Your instructions: Going from the top of the data below, give again each line through the one containing "- destruct H as [xs x x'", both ends kept.

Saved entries
::::

Fixpoint qsem_alpha (X X' : QT) (H : alpha X X') {struct H} :
  forall rho, qsem X rho = qsem X' rho
with qsemAbs_alphaAbs (A A' : QA) (H : alphaAbs A A') {struct H} :
  forall rho, qsemAbs A rho = qsemAbs A' rho.
Proof.
  - destruct H as [xs x | d inp inp' binp binp' Hinp Hbinp]; intro rho; [reflexivity|].
    cbn [qsem]. f_equal; apply functional_extensionality; intro i; unfold lift.
    + destruct (Hinp i) as [[-> ->] | [Y [Y' [-> [-> HY]]]]]; [reflexivity|].
      f_equal. exact (qsem_alpha _ _ HY rho).
    + destruct (Hbinp i) as [[-> ->] | [B [B' [-> [-> HB]]]]]; [reflexivity|].
      f_equal. exact (qsemAbs_alphaAbs _ _ HB rho).
  - destruct H as [xs x x' X X' y _ _ Hy Hy' Hswap]. intro rho. cbn [qsemAbs].
    f_equal. apply functional_extensionality. intro d.
    rewrite (qsem_upd_qSwap _ _ x _ rho d Hy), (qsem_upd_qSwap _ _ x' _ rho d Hy').
    exact (qsem_alpha _ _ Hswap _).
Qed.

Lemma qsem_alphaEq X X' rho : alphaEq X X' -> qsem X rho = qsem X' rho.
Proof.
  apply (clos_refl_sym_trans_invariant (fun Y => qsem Y rho)).
  intros Y Y' H. exact (qsem_alpha H rho).
Qed.

Lemma qsemAbs_alphaAbsEq A A' rho : alphaAbsEq A A' -> qsemAbs A rho = qsemAbs A' rho.
Proof.
  apply (clos_refl_sym_trans_invariant (fun B => qsemAbs B rho)).
  intros B B' H. exact (qsemAbs_alphaAbs H rho).
Qed.

Lemma qsem_qPsubst :
  (forall X : QT, qGood X -> forall f, small_env f -> forall rho,
      qsem (qPsubst f X) rho = qsem X (fun zs z => qsem (f zs z) rho)) /\
  (forall A : QA, qGoodAbs A -> forall f, small_env f -> forall rho,
      qsemAbs (qPsubstAbs f A) rho = qsemAbs A (fun zs z => qsem (f zs z) rho)).
Proof.
  apply qterm_qabs_ind.
  - reflexivity.
  - intros d inp binp IHinp IHbinp [_ [_ [Ginp Gbinp]]] f Hf rho.
    rewrite qPsubst_qOp. cbn [qsem]. rewrite !lift_comp.
    f_equal; apply lift_ext; intros i B E.
    + specialize (Ginp i). rewrite E in Ginp. exact (IHinp i B E Ginp f Hf rho).
    + specialize (Gbinp i). rewrite E in Gbinp. exact (IHbinp i B E Gbinp f Hf rho).
  - intros xs x Y IH GY f Hf rho. cbn [qPsubstAbs qsemAbs].
    match goal with |- context [pickVar ?P x] =>
      pose proof (pickVar_spec P x (exists_fresh_binder xs x Y GY Hf)) as Hz;
      set (z := pickVar P x) in * end.
    clearbody z. f_equal. apply functional_extensionality. intro d.
    rewrite (IH GY _ (small_env_updEnv xs x z Hf)).
    (* Off the bound variable x, the environment is f, whose relevant values
       do not mention z, so the update of rho at z is invisible. *)
    apply (proj1 qsem_agree). intros ws w Hw. unfold updEnv, upd at 2.
    destruct (decP (ws = xs /\ w = x)) as [_|Nw].
    + cbn. unfold upd. destruct decP as [_|N]; [reflexivity | exfalso; auto].
    + apply (proj1 qsem_agree). intros vs v Hv. unfold upd.
      destruct (decP (vs = xs /\ v = z)) as [[-> ->]|_]; [exfalso | reflexivity].
      apply (Hz ws w); [|exact Hv]. split; [intros [-> ->]; auto | exact Hw].
Qed.

Lemma qsem_qSubst (X Y : QT) ys y rho : qGood X -> qGood Y ->
  qsem (qSubst X Y ys y) rho = qsem X (upd rho ys y (qsem Y rho)).
Proof.
  intros GX GY. unfold qSubst.
  rewrite (proj1 qsem_qPsubst X GX _ (small_env_single ys y Y GY)).
  f_equal. do 2 (apply functional_extensionality; intro).
  unfold updEnv, upd. destruct decP; reflexivity.
Qed.

End Semantics.
End Syntax.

::::

Result of this task:
Fixpoint qsem_alpha (X X' : QT) (H : alpha X X') {struct H} :
  forall rho, qsem X rho = qsem X' rho
with qsemAbs_alphaAbs (A A' : QA) (H : alphaAbs A A') {struct H} :
  forall rho, qsemAbs A rho = qsemAbs A' rho.
Proof.
  - destruct H as [xs x | d inp inp' binp binp' Hinp Hbinp]; intro rho; [reflexivity|].
    cbn [qsem]. f_equal; apply functional_extensionality; intro i; unfold lift.
    + destruct (Hinp i) as [[-> ->] | [Y [Y' [-> [-> HY]]]]]; [reflexivity|].
      f_equal. exact (qsem_alpha _ _ HY rho).
    + destruct (Hbinp i) as [[-> ->] | [B [B' [-> [-> HB]]]]]; [reflexivity|].
      f_equal. exact (qsemAbs_alphaAbs _ _ HB rho).
  - destruct H as [xs x x' X X' y _ _ Hy Hy' Hswap]. intro rho. cbn [qsemAbs].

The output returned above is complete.